Description of the task » When a line of the records below contains the string "Section", copy that whole line.

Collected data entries
(* Let $s\in(1,2]$ and let $f_1,\dots,f_n\in\overline{B}_s[0,1]$ be linearly independent with $\operatorname{span}\{f_i\}_{i=1}^n\subseteq\overline{B}_s[0,1]\cup\{0\}$. Then there exists a nonempty open interval $I\subset[0,1]$ such that for every $(a_1,\dots,a_n)\in\mathbb{R}^n\setminus\{(0,\dots,0)\}$, $\overline{\dim}_B G_{\sum_{i=1}^n a_if_i}([0,1]\setminus I)=s$, i.e. $\big(\sum_{i=1}^n a_if_i\big)|_{[0,1]\setminus I}\in\overline{B}_s([0,1]\setminus I)$.
   Context: $C[0,1]$ is the space of real-valued continuous functions on $[0,1]$; $G_f(E)=\{(x,f(x)):x\in E\}$; $\overline{\dim}_B$ is upper box dimension. For $E\subseteq[0,1]$, $\overline{B}_s(E)$ is the set of bounded continuous real functions $f$ on $E$ with $\overline{\dim}_B G_f(E)=s$; in particular $\overline{B}_s[0,1]=\{f\in C[0,1]:\overline{\dim}_B G_f([0,1])=s\}$. *)

From HB Require Import structures.
From mathcomp Require Import all_boot all_order all_algebra.
From mathcomp Require Import all_classical all_reals all_analysis.
From mathcomp Require Import finmap.
Set Implicit Arguments. Unset Strict Implicit. Unset Printing Implicit Defensive.
Import Order.TTheory GRing.Theory Num.Theory.
Import numFieldNormedType.Exports.
Local Open Scope classical_set_scope.
Local Open Scope ring_scope.

Definition graph_on {R : realType} (f : R -> R) (E : set R) : set (R * R) :=
  [set (x, f x) | x in E].

Definition mesh_square {R : realType} (delta : R) (mk : int * int) : set (R * R) :=
  [set p | (mk.1%:~R * delta <= p.1 <= (mk.1 + 1)%:~R * delta) /\
           (mk.2%:~R * delta <= p.2 <= (mk.2 + 1)%:~R * delta)].

(* N_delta(F): the number of delta-mesh squares meeting F
   (finite when F is bounded). *)
Definition mesh_count {R : realType} (F : set (R * R)) (delta : R) : nat :=
  (#|` fset_set [set mk : int * int | mesh_square delta mk `&` F !=set0] |)%fset.

Definition upper_box_dim {R : realType} (F : set (R * R)) : \bar R :=
  limf_esup (fun delta : R => ((ln (mesh_count F delta)%:R) / (- ln delta))%:E)
            (at_right 0).

Definition upper_Bs01 {R : realType} (s : R) (f : R -> R) : Prop :=
  {within `[0, 1], continuous f} /\ upper_box_dim (graph_on f `[0, 1]) = s%:E.

Definition lin_comb {R : realType} (n : nat) (a : 'I_n -> R) (f : 'I_n -> R -> R)
  : R -> R := fun x => \sum_(i < n) a i * f i x.

From HB Require Import structures.
From mathcomp Require Import all_boot all_order all_algebra.
From mathcomp Require Import all_classical all_reals all_analysis.
From mathcomp Require Import finmap.
From mathcomp Require Import zify ring lra.
Set Implicit Arguments. Unset Strict Implicit. Unset Printing Implicit Defensive.
Import Order.TTheory GRing.Theory Num.Theory.
Import numFieldNormedType.Exports.
Local Open Scope classical_set_scope.
Local Open Scope ring_scope.

(* For t in [0, 1] let V_t be the set of coefficient vectors whose combination
   has upper box dimension < s on [0, t], together with 0.  Counting mesh
   squares column by column, the intermediate value theorem gives
   N_d(c f + e g) <= 2|c| N_d(f) + 2|e| N_d(g) + O(1/d); as s > 1 the O(1/d)
   term is negligible, so V_t is a linear subspace.  V_t shrinks as t grows,
   hence along t_i = i/(n+1), i = 0 .. n+1, some step has V_{t_i} = V_{t_{i+1}};
   take I = ]t_i, t_{i+1}[.  A nonzero combination outside V_{t_i} has
   dimension s on [0, t_i]; one inside lies in V_{t_{i+1}}, and since the
   dimension of a union of two graphs is the larger of the two, it has
   dimension s on [t_{i+1}, 1]. *)

Section IntegersBetween.
Variable R : realType.

Definition ints_between (a b : R) : set int := [set k : int | a <= k%:~R <= b].

Lemma ints_betweenE (a b : R) :
  ints_between a b = [set k : int | Num.ceil a <= k <= Num.floor b].
Proof. by apply/seteqP; split => k; rewrite /= ceil_le_int floor_ge_int. Qed.

Lemma int_range_image (p q : int) :
  [set k : int | p <= k <= q] =
  (fun i : nat => p + i%:Z) @` `I_(absz (Num.max 0%R (q - p + 1)%R)).
Proof.
apply/seteqP; split => k /=.
  by move=> /andP[pk kq]; exists `|k - p|%N; rewrite /=; lia.
by move=> [i /= iN <-]; apply/andP; split; lia.
Qed.

Lemma finite_ints_between (a b : R) : finite_set (ints_between a b).
Proof. by rewrite ints_betweenE int_range_image; apply/finite_image/finite_II. Qed.

Lemma card_ints_between (a b : R) :
  (#|` fset_set (ints_between a b)|)%:R =
  (Num.max 0 (Num.floor b - Num.ceil a + 1))%:~R :> R.
Proof.
rewrite ints_betweenE int_range_image fset_set_image; last exact: finite_II.
rewrite card_imfset /=; last by move=> i j /= /addrI [].
rewrite (card_fset_set (introT card_eq_II erefl)) pmulrn; congr (_%:~R); lia.
Qed.

Lemma card_ints_between_ge (a b : R) :
  b - a - 1 <= (#|` fset_set (ints_between a b)|)%:R.
Proof.
rewrite card_ints_between; set z := (Num.floor b - Num.ceil a + 1).
have : z%:~R <= (Num.max 0 z)%:~R :> R by rewrite ler_int le_max lexx orbT.
rewrite /z; have := ceil_itv a; have := floor_itv b; rewrite !intrD ?intrB; lra.
Qed.

Lemma card_ints_between_le (a b : R) : a <= b + 1 ->
  (#|` fset_set (ints_between a b)|)%:R <= b - a + 1.
Proof.
move=> ab; rewrite card_ints_between.
have := ceil_itv a; have := floor_itv b; rewrite !intrD ?intrB => fb ca.
by have [z0|z0] := leP 0 (Num.floor b - Num.ceil a + 1); rewrite ?intrD ?intrB; lra.
Qed.
End IntegersBetween.

Lemma card_fset_set_le (T : choiceType) (A B : set T) : A `<=` B -> finite_set B ->
  (#|` fset_set A| <= #|` fset_set B|)%N.
Proof.
move=> AB finB; apply: fsubset_leq_card.
by rewrite -fset_set_sub //; apply: sub_finite_set finB.
Qed.

Section MeshCount.
Variable R : realType.
Implicit Types (F : set (R * R)) (d B : R).

Definition mesh_hits F d := [set mk : int * int | mesh_square d mk `&` F !=set0].

Definition centered_box B : set (R * R) := [set p | `|p.1| <= B /\ `|p.2| <= B].

Lemma mesh_index_between d B (x : R) (m : int) : 0 < d -> `|x| <= B ->
  m%:~R * d <= x <= (m + 1)%:~R * d -> ints_between (- B / d - 1) (B / d) m.
Proof.
move=> d0; rewrite ler_norml intrD mulrDl mul1r => /andP[Bx xB] /andP[mx xm].
rewrite /ints_between /= lerBlDr ler_pdivlMr // ler_pdivrMr // mulrDl mul1r.
apply/andP; split; lra.
Qed.

Lemma finite_mesh_hits F d B : 0 < d -> F `<=` centered_box B ->
  finite_set (mesh_hits F d).
Proof.
move=> d0 FB; pose I := ints_between (- B / d - 1) (B / d).
apply: (@sub_finite_set _ _ (I `*` I)).
  move=> [m k] [p [[/= pm pk] /FB [p1B p2B]]].
  by split; [apply: mesh_index_between d0 p1B pm | apply: mesh_index_between d0 p2B pk].
by apply: finite_setX; apply: finite_ints_between.
Qed.

Lemma mesh_hitsU F F' d : mesh_hits (F `|` F') d = mesh_hits F d `|` mesh_hits F' d.
Proof.
apply/seteqP; split => mk.
  by move=> [p [mp [Fp|F'p]]]; [left|right]; exists p.
by move=> [[p [mp Fp]]|[p [mp F'p]]]; exists p; split => //; [left|right].
Qed.

Lemma mesh_count_subset F F' d : F `<=` F' -> finite_set (mesh_hits F' d) ->
  (mesh_count F d <= mesh_count F' d)%N.
Proof.
by move=> FF' fin'; apply: card_fset_set_le fin' => mk [p [mp /FF' F'p]]; exists p.
Qed.

Lemma mesh_count_setU F F' d :
  finite_set (mesh_hits F d) -> finite_set (mesh_hits F' d) ->
  (mesh_count (F `|` F') d <= mesh_count F d + mesh_count F' d)%N.
Proof.
move=> fin fin'; rewrite /mesh_count -!/(mesh_hits _ d) mesh_hitsU fset_setU //.
exact: leq_card_fsetU.
Qed.

End MeshCount.

Lemma card_fset_set_fibers (T1 T2 : choiceType) (S : set (T1 * T2))
    (M : set T1) (K : set T2) :
  finite_set M -> finite_set K -> S `<=` M `*` K ->
  #|` fset_set S| = (\sum_(m <- fset_set M) #|` fset_set [set k | S (m, k)]|)%N.
Proof.
move=> fM fK SMK.
have fS : finite_set S by apply: sub_finite_set SMK _; apply: finite_setX.
have fsum1 (T : choiceType) (A : set T) :
    finite_set A -> (\sum_(x \in A) 1)%N = #|` fset_set A|.
  by move=> fA; rewrite fsbig_finite // card_fset_sum1.
have notin_S p : ~ S p -> (p \in S : nat) = 0%N.
  by move=> nS; have /negbTE -> : p \notin S by rewrite notin_setE.
rewrite -fsum1 // (eq_fsbigr (fun p => (p \in S : nat))); last by move=> p ->.
rewrite (fsbig_widen S (M `*` K)) //; last first.
  by move=> p [_ /notin_S]; rewrite /preimage /= => ->.
rewrite (eq_fsbigr (fun p => ((p.1, p.2) \in S : nat))); last by move=> [].
rewrite -(@pair_fsbig _ _ _ _ _ M K (fun m k => ((m, k) \in S : nat))) //.
rewrite fsbig_finite //; apply: eq_bigr => m _.
rewrite -fsum1; last by apply: (@sub_finite_set _ _ K) => // k /SMK [].
rewrite -(fsbig_widen [set k | S (m, k)] K) //; last first.
  by move=> k [_ /notin_S]; rewrite /preimage /= => ->.
- by move=> k /SMK [].
- by apply: eq_fsbigr => k /set_mem Smk; rewrite mem_set.
Qed.

Section GraphColumns.
Variables (R : realType) (al be d : R).
Hypothesis d_gt0 : 0 < d.

Definition in_column (m : int) (x : R) :=
  al <= x <= be /\ m%:~R * d <= x <= (m + 1)%:~R * d.

Definition column_hits (h : R -> R) (m : int) : set int :=
  [set k | mesh_hits (graph_on h `[al, be]) d (m, k)].

Lemma column_hitsP h m k : column_hits h m k <->
  exists2 x, in_column m x & k%:~R * d <= h x <= (k + 1)%:~R * d.
Proof.
split.
  move=> [p [[/= mp kp] [x xab px]]]; move: mp kp; rewrite -px /= => mx kx.
  by exists x => //; split => //; move: xab; rewrite in_itv.
move=> [x [xab xm] kx]; exists (x, h x); split => //.
by exists x => //; rewrite in_itv.
Qed.

Lemma finite_column_hits h m :
  finite_set (mesh_hits (graph_on h `[al, be]) d) -> finite_set (column_hits h m).
Proof.
move=> fin; apply: (@sub_finite_set _ _ (snd @` mesh_hits (graph_on h `[al, be]) d)).
  by move=> k hk; exists (m, k).
exact: finite_image.
Qed.

Lemma card_column_hits_le h m lo hi : lo <= hi ->
  (forall x, in_column m x -> lo <= h x <= hi) ->
  (#|` fset_set (column_hits h m)|)%:R <= (hi - lo) / d + 2.
Proof.
move=> lohi hb.
have sub : column_hits h m `<=` ints_between (lo / d - 1) (hi / d).
  move=> k /column_hitsP [x /hb /andP[lox xhi] /andP[kx xk]].
  rewrite /ints_between /= lerBlDr ler_pdivlMr // ler_pdivrMr // mulrDl mul1r.
  by move: xk; rewrite intrD mulrDl mul1r => xk; apply/andP; split; lra.
have := card_fset_set_le sub (finite_ints_between _ _).
rewrite -(ler_nat R) => /le_trans; apply.
have lohi' : lo / d <= hi / d by rewrite ler_pM2r // invr_gt0.
by apply: le_trans (card_ints_between_le _) _; rewrite ?mulrBl; lra.
Qed.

Output for this exercise »
Section IntegersBetween.
Section MeshCount.
Section GraphColumns.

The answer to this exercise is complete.